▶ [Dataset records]

==*==

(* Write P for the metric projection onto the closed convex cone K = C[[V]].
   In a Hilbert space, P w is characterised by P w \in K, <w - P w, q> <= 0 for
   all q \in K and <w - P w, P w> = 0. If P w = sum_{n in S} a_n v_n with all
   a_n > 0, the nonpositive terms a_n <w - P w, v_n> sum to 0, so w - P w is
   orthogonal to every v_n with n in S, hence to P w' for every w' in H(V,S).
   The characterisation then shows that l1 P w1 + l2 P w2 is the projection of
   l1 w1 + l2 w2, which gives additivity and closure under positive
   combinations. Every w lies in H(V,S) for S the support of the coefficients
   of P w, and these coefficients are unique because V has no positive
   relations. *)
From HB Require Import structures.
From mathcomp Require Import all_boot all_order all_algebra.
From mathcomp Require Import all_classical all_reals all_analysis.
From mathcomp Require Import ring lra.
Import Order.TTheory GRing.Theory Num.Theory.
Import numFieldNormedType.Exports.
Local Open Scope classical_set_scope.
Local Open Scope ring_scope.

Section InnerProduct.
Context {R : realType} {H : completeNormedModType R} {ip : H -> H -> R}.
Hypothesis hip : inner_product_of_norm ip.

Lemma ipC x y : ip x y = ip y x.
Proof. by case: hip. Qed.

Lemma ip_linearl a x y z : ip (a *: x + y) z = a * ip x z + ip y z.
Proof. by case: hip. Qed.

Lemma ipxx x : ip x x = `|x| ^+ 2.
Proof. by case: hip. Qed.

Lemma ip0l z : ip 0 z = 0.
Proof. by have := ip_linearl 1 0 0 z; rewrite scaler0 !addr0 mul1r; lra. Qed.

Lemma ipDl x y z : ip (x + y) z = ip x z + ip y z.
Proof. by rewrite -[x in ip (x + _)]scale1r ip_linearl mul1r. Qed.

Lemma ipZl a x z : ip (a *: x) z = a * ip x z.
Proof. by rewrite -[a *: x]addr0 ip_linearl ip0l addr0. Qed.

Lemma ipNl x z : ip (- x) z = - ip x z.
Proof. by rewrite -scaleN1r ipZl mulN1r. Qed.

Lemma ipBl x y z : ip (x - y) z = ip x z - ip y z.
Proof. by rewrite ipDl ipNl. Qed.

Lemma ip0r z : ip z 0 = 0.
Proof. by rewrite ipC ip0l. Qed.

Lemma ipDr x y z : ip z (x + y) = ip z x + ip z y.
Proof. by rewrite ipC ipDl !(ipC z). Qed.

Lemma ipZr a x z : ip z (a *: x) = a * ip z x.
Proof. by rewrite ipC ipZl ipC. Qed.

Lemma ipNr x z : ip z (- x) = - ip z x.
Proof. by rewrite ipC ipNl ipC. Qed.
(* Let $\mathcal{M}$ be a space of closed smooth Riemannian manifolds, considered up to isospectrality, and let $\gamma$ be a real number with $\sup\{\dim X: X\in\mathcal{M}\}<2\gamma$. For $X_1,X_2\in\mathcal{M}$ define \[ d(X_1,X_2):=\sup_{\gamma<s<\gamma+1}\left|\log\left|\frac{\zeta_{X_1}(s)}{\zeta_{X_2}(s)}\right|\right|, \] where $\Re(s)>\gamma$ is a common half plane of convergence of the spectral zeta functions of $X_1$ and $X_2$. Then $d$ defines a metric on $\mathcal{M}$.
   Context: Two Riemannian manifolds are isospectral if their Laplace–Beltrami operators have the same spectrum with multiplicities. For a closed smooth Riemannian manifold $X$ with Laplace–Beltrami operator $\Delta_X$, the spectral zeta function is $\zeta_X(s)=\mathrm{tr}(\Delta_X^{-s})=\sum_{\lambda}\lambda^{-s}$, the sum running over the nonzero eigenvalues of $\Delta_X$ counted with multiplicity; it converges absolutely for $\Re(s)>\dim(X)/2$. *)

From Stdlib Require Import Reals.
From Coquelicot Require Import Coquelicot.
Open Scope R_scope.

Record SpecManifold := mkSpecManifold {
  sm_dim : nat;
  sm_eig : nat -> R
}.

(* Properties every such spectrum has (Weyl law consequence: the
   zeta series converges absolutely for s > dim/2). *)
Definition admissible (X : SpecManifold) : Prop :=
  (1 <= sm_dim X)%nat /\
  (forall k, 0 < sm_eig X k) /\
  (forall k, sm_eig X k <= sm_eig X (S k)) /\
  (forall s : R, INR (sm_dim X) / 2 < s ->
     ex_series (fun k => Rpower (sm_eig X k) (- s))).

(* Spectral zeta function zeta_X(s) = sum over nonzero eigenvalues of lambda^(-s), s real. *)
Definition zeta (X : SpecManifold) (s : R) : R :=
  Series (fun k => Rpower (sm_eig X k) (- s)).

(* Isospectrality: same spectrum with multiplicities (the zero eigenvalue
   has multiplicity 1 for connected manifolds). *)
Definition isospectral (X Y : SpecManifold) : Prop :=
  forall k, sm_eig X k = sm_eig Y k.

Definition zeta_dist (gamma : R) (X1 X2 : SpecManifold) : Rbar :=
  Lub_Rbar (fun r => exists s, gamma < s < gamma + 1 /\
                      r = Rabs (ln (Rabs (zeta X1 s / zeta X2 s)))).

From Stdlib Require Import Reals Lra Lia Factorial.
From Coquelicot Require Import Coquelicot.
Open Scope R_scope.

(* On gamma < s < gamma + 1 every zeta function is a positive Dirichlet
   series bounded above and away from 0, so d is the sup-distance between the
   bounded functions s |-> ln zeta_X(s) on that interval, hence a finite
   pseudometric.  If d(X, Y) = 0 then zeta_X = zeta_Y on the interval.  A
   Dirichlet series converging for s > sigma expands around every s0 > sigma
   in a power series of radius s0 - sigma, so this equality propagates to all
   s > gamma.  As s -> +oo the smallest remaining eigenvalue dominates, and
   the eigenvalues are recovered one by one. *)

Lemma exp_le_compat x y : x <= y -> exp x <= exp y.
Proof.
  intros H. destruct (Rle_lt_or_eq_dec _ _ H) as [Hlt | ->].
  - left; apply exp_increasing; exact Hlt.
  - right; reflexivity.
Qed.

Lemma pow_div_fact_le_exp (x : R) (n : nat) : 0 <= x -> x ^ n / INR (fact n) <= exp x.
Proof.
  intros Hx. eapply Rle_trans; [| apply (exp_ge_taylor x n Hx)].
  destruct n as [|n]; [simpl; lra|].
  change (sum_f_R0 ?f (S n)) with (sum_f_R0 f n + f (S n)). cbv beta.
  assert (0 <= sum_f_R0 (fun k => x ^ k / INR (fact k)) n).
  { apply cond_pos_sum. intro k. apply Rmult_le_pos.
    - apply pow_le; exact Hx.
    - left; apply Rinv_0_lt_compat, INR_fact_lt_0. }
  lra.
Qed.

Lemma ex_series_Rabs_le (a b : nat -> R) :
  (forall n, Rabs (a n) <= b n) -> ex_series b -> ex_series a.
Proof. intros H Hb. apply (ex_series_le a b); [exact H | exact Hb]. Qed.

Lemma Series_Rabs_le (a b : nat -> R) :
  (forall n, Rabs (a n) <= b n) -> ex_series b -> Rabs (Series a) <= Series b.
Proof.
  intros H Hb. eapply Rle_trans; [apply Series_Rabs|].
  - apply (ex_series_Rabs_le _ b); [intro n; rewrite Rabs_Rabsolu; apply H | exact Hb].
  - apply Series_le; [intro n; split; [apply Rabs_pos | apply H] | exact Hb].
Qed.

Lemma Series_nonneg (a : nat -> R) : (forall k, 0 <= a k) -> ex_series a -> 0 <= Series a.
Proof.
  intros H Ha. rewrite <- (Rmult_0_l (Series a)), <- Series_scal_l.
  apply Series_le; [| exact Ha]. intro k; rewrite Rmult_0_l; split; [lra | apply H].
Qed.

==*==

▶ [PROBLEM TO SOLVE]
Go through the records above line by line and say how many lines include "ipDl", giving only that number.

▶ [TASK RESPONSE]
3